Garach Vélez Ignacio, Ortuño Guzmán Francisco Manuel, Rojas Ruiz Ignacio, Herrera Maldonado Luis Javier
Department of Computer Engineering, Automation and Robotics (ICAR), University of Granada, 18071 Granada, Spain.
Gigascience. 2025 Jan 6;14. doi: 10.1093/gigascience/giaf096.
Disease classification using 16S rRNA microbiome data faces challenges of high dimensionality, compositionality, and sparsity, compounded by the inherent small sample sizes in many studies. Machine learning and feature selection techniques offer potential to identify robust biomarkers and improve classification performance; however, their comparative effectiveness across diverse methods and datasets has been insufficiently explored. This study evaluates multiple feature selection techniques alongside normalization strategies, focusing on their interplay with classifier performance.
Our analyses revealed that centered log-ratio normalization improves the performance of logistic regression and support vector machine models and facilitates feature selection, whereas random forest models yield strong results using relative abundances. Interestingly, presence-absence normalization was able to achieve similar performance compared to abundance-based transformations across classifiers.
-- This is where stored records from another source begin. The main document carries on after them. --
Lemma Expect_pick_sum_sqr_le (w : 'M[R]_(n, N)) : (forall i j, 0 <= w i j) ->
  Expect G (fun g => pick_sum w g ^+ 2)
    <= N%:R^-1 * \sum_(p : 'I_n * 'I_N) w p.1 p.2 ^+ 2
       + CG / N%:R ^+ 2 * (\sum_(p : 'I_n * 'I_N) w p.1 p.2) ^+ 2.
Proof.
move=> w_ge0; pose ind g (p : 'I_n * 'I_N) : R := (g p.1 == p.2)%:R.
pose wp (p : 'I_n * 'I_N) := w p.1 p.2.
have sqrE g : pick_sum w g ^+ 2 = \sum_p \sum_q ind g p * ind g q * (wp p * wp q).
  rewrite pick_sumE expr2 big_distrlr /=.
  by apply: eq_bigr => p _; apply: eq_bigr => q _; rewrite /ind /wp; ring.
have joint_le p q :
    Expect G (fun g => ind g p * ind g q) <= (p == q)%:R / N%:R + CG / N%:R ^+ 2.
  have C_ge0 : 0 <= CG / N%:R ^+ 2 by rewrite divr_ge0 ?exprn_ge0.
  have -> : Expect G (fun g => ind g p * ind g q)
      = Prob R G (fun g => (g p.1 == p.2) && (g q.1 == q.2)).
    by rewrite -Expect_indicator; apply: eq_Expect => g; rewrite /ind -natrM mulnb.
  case: (eqVneq p q) => [<-|pq].
    rewrite /Prob (eq_card (B := [set g in G | g p.1 == p.2])); last first.
      by move=> g; rewrite !inE andbb.
    by rewrite -/(Prob R G _) Hmarg lerDl.
  by rewrite mul0r add0r Hpair // -!surjective_pairing.
rewrite (eq_Expect sqrE) Expect_sum.
apply: (@le_trans _ _ (\sum_p \sum_q
    ((p == q)%:R / N%:R + CG / N%:R ^+ 2) * (wp p * wp q))).
  apply: ler_sum => p _; rewrite Expect_sum; apply: ler_sum => q _.
  rewrite ExpectZr; apply: ler_wpM2r; last exact: joint_le.
  by apply: mulr_ge0; apply: w_ge0.
rewrite le_eqVlt; apply/orP; left; apply/eqP.
transitivity (\sum_p (wp p ^+ 2 / N%:R + \sum_q CG / N%:R ^+ 2 * (wp p * wp q))).
  apply: eq_bigr => p _; rewrite (eq_bigr _ (fun q _ => mulrDl _ _ _)) big_split /=.
  congr (_ + _); rewrite (bigD1 p) //= eqxx /= big1 ?addr0 => [|q].
    by rewrite /wp; ring.
  by rewrite eq_sym => /negbTE ->; rewrite !mul0r.
rewrite big_split /=; congr (_ + _).
  by rewrite mulr_sumr; apply: eq_bigr => p _; rewrite mulrC.
rewrite [(\sum_p _) ^+ 2]expr2 big_distrlr mulr_sumr /=.
by apply: eq_bigr => p _; rewrite mulr_sumr.
Qed.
Among feature selection methods, minimum redundancy maximum relevancy (mRMR) surpassed most methods in identifying compact feature sets and demonstrated performance comparable to least absolute shrinkage and selection operator (LASSO), which obtained top results requiring lower computation times. Autoencoders needed larger latent spaces to perform well and lacked interpretability, Mutual Information suffered from redundancy, and ReliefF struggled with data sparsity.
Overall, feature selection pipelines improved model focus and robustness via a massive reduction of the feature space. mRMR and LASSO emerged as the most effective methods across datasets.
使用16S rRNA微生物组数据进行疾病分类面临高维度、组成性和稀疏性等挑战,许多研究中固有的小样本量更是雪上加霜。机器学习和特征选择技术为识别稳健的生物标志物和提高分类性能提供了潜力;然而,它们在不同方法和数据集之间的比较有效性尚未得到充分探索。本研究评估了多种特征选择技术以及归一化策略,重点关注它们与分类器性能的相互作用。
我们的分析表明,中心对数比归一化提高了逻辑回归和支持向量机模型的性能,并促进了特征选择,而随机森林模型使用相对丰度时能产生较好的结果。有趣的是,与基于丰度的转换相比,存在-缺失归一化在各分类器中能够实现相似的性能。在特征选择方法中,最小冗余最大相关性(mRMR)在识别紧凑特征集方面超越了大多数方法,并且表现出与最小绝对收缩和选择算子(LASSO)相当的性能,LASSO在计算时间较短的情况下获得了最佳结果。自动编码器需要更大的潜在空间才能表现良好且缺乏可解释性,互信息存在冗余问题,ReliefF在数据稀疏性方面存在困难。
总体而言,特征选择流程通过大幅减少特征空间提高了模型的专注度和稳健性。mRMR和LASSO在各数据集中成为最有效的方法。